En ce sens, Jean-Pierre Boutinet traduit une conception spatialisée de la durée, conception remise en cause par Henri Bergson, l’opposant à une pure durée, hétérogène et qualitative101. En dépit de cette nuance à apporter sur la conception du lien entre temps et espace, il s’agit surtout de mettre en avant l’idée d’un projet (compris dans ses différentes acceptations) comme figure de l’anticipation. Xavier Schramm, dans cette distinction qu’il met en exergue évoque finalement l’exercice d’une anticipation appliquée à un espace.

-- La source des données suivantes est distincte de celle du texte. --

(* Let ${\cal R}={\cal D}\times[0,N]$ be a cylinder and let ${\mathbf t}$ be a mixed tiling of ${\cal R}$. Let $\kappa$ be the set of unit cubes $[x,x+1]\times[y,y+1]\times[z,z+1]\subseteq{\cal R}$ with $x+y$ even and $\bar\kappa$ the set of those with $x+y$ odd. Then $\operatorname{Tw}_\kappa({\mathbf t})=-\operatorname{Tw}_{\bar\kappa}({\mathbf t})$.
   Context: Unit cubes are $[x,x+1]\times[y,y+1]\times[z,z+1]$, $(x,y,z)\in\mathbb{Z}^3$; the $n$-th floor is $z\in[n,n+1]$. A cylinder is ${\cal R}={\cal D}\times[0,N]$ where ${\cal D}$ is a connected, simply connected finite union of unit squares in the plane. A domino is a union of two unit cubes sharing a face; it is vertical if parallel to the $z$-axis, horizontal otherwise. A horizontal slab is a $2\times2\times1$ box $[x,x+2]\times[y,y+2]\times[z,z+1]$. A mixed tiling of ${\cal R}$ is a tiling of ${\cal R}$ by horizontal slabs and vertical dominoes. Twist of a domino tiling ${\mathbf s}$ of a cubiculated region: for an ordered pair $(d_0,d_1)$ of dominoes of ${\mathbf s}$ with $d_0$ horizontal and parallel to the $y$-axis and $d_1$ vertical, say $d_1$ affects $d_0$ if $d_1$ has a cube on the floor of $d_0$ and the orthogonal projections of the interiors of $d_0,d_1$ onto the plane $x=0$ intersect. In that case the effect is $\pm1$, determined by four binary parameters: whether $d_1$ lies on the $+x$ or $-x$ side of $d_0$; which of the two cubes of $d_0$ (smaller or larger $y$) has the same $y$-range as $d_1$; the parity of the $x$-distance between them; and whether the lower cube of $d_1$ lies on the floor of $d_0$ or on the floor below. Changing any one parameter changes the sign, with a fixed global normalization. Otherwise the effect is $0$. $\operatorname{Tw}({\mathbf s})$ is $\frac14$ of the sum of all effects. Transformation: for a set $\kappa$ of cubes of one parity of $x+y$, replace each cube $[x,x+1]\times[y,y+1]\times[z,z+1]$ in $\kappa$ by $\tilde S\times[z,z+1]$, where $\tilde S$ is the square with vertices $(x-\frac12,y+\frac12),(x+\frac12,y-\frac12),(x+\frac32,y+\frac12),(x+\frac12,y+\frac32)$, and delete the other cubes. The union $\tilde{\cal R}_\kappa$ is a cubiculated region after a $45^\circ$ rotation about the $z$-axis and horizontal rescaling. Each horizontal slab of ${\mathbf t}$ contains exactly two cubes of $\kappa$, and it is sent to the domino formed by their two inflated squares. Each vertical domino of ${\mathbf t}$ whose cubes are in $\kappa$ is sent to the vertical domino formed by their inflations. Vertical dominoes with cubes not in $\kappa$ are deleted. This gives a domino tiling $\tilde{\mathbf t}_\kappa$ of $\tilde{\cal R}_\kappa$, and $\operatorname{Tw}_\kappa({\mathbf t}):=\operatorname{Tw}(\tilde{\mathbf t}_\kappa)\in\mathbb{Z}$. *)

From Stdlib Require Import ZArith List QArith Relations.
Import ListNotations.
Open Scope Z_scope.

(* The unit square [x,x+1]x[y,y+1] is represented by (x,y). *)
Definition square := (Z * Z)%type.
(* The unit cube [x,x+1]x[y,y+1]x[z,z+1] is represented by (x,y,z). *)
Definition cube := (Z * Z * Z)%type.

Definition cx (c : cube) : Z := fst (fst c).
Definition cy (c : cube) : Z := snd (fst c).
Definition cz (c : cube) : Z := snd c.

(* A domino is a union of two unit cubes sharing a face; it is represented
   by the (unordered) pair of its two cubes. *)
Definition domino := (cube * cube)%type.

Definition share_face (a b : cube) : Prop :=
  Z.abs (cx a - cx b) + Z.abs (cy a - cy b) + Z.abs (cz a - cz b) = 1.

Definition domino_cubes (d : domino) : list cube := [fst d; snd d].

Definition domino_tiling (inR : cube -> Prop) (s : list domino) : Prop :=
  (forall d, In d s -> share_face (fst d) (snd d)) /\
  NoDup (flat_map domino_cubes s) /\
  (forall c, In c (flat_map domino_cubes s) <-> inR c).

Definition is_hy (d : domino) : bool :=
  (cx (fst d) =? cx (snd d)) && (cz (fst d) =? cz (snd d)) &&
  (Z.abs (cy (fst d) - cy (snd d)) =? 1).

Definition is_vert (d : domino) : bool :=
  (cx (fst d) =? cx (snd d)) && (cy (fst d) =? cy (snd d)) &&
  (Z.abs (cz (fst d) - cz (snd d)) =? 1).

Definition low_y (d : domino) : cube :=
  if cy (fst d) <=? cy (snd d) then fst d else snd d.
Definition low_z (d : domino) : cube :=
  if cz (fst d) <=? cz (snd d) then fst d else snd d.

Definition sgn (b : bool) : Z := if b then -1 else 1.

(* The global normalization of the sign is left as a
   parameter [nrm] (the effect is multiplied by (-1)^nrm): the context only
   says that the normalization is fixed.  The four binary parameters are:
   side (d1 on the +x side of d0), which cube of d0 (larger y), parity of the
   x-distance, and level (lower cube of d1 on the floor of d0); changing
   any one of them changes the sign. *)
Definition effect (nrm : bool) (d0 d1 : domino) : Z :=
  if is_hy d0 && is_vert d1 then
    let x0 := cx (low_y d0) in let y0 := cy (low_y d0) in
    let z0 := cz (low_y d0) in
    let x1 := cx (low_z d1) in let y1 := cy (low_z d1) in
    let z1 := cz (low_z d1) in
    let on_floor := (z1 =? z0) || (z1 + 1 =? z0) in
    (* projections of the interiors onto the plane x = 0 intersect:
       (y0,y0+2)x(z0,z0+1) meets (y1,y1+1)x(z1,z1+2) *)
    let proj := (y0 <? y1 + 1) && (y1 <? y0 + 2) &&
                (z0 <? z1 + 2) && (z1 <? z0 + 1) in
    if on_floor && proj then
      sgn nrm * sgn (x0 <? x1) * sgn (y1 =? y0 + 1)
        * sgn (Z.even (x1 - x0)) * sgn (z1 =? z0)
    else 0
  else 0.

Definition twist_sum (nrm : bool) (s : list domino) : Z :=
  fold_right Z.add 0
    (map (fun d0 => fold_right Z.add 0 (map (fun d1 => effect nrm d0 d1) s)) s).

Definition Tw (nrm : bool) (s : list domino) : Q := inject_Z (twist_sum nrm s) / 4.

Definition king_adj (a b : square) : Prop :=
  Z.abs (fst a - fst b) <= 1 /\ Z.abs (snd a - snd b) <= 1.
Definition edge_adj (a b : square) : Prop :=
  Z.abs (fst a - fst b) + Z.abs (snd a - snd b) = 1.

(* The closed union of the squares of D is connected: any two squares of D
   are joined by a chain of squares of D, consecutive ones sharing at least
   a point. *)
Definition plane_connected (D : list square) : Prop :=
  forall a b, In a D -> In b D ->
    clos_refl_trans square (fun u v => In u D /\ In v D /\ king_adj u v) a b.

(* The complement of the closed union of D in R^2 is connected: every unit
   square not in D is joined, through squares not in D sharing an edge, to a
   square lying strictly to the right of D. (For a connected finite union of
   closed squares this is equivalent to simple connectivity.) *)
Definition plane_simply_connected (D : list square) : Prop :=
  plane_connected D /\
  forall a, ~ In a D ->
    exists b, (forall d, In d D -> fst d < fst b) /\
      clos_refl_trans square (fun u v => ~ In u D /\ ~ In v D /\ edge_adj u v) a b.

Definition in_cylinder (D : list square) (N : nat) (c : cube) : Prop :=
  In (cx c, cy c) D /\ 0 <= cz c < Z.of_nat N.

Le projet concrétise aussi un temps vécu ambivalent, partagé entre la simultanéité et la succession (BOUTINET, 2004). La simultanéité s’offre dans le moment présent qu’elle met en perspective par rapport à un passé à réactualiser et un futur à anticiper. La succession va plutôt désigner un itinéraire plus ou moins cohérent, traduisant un temps fugitif mobilisant un passé révolu, un présent immédiat et un futur surgissant comme fuite en avant. Cette bipartition du temps entre simultanéité et succession fait ainsi elle-même intervenir une structure tridimensionnelle déjà évoquée, c’est-à-dire celle des liens entre passé, présent et futur102. Si nous nous plaçons dans le registre de l’action103, la succession vécue s’exprime de façon opposée par la mémoire et par l’anticipation, c’est-à-dire par un temps rétrospectif et un temps prospectif. Cependant, l’acteur ne peut se limiter à ces deux horizons temporels qui risquent de l’enfermer dans l’inactuel, et finalement de ne pas agir. C’est en fait l’expérience de la simultanéité, celle du moment présent, qui permet le temps de l’action :

« Il n’y a donc de projet que dans la simultanéité du moment présent et dans la capacité de ce dernier sans se laisser anéantir de s’ouvrir vers l’inactuel, cet inactuel qui permet d’évoquer ce qui déjà a été fait, qui permet aussi d’ébaucher des possibles » (BOUTINET, 2004, p. 62).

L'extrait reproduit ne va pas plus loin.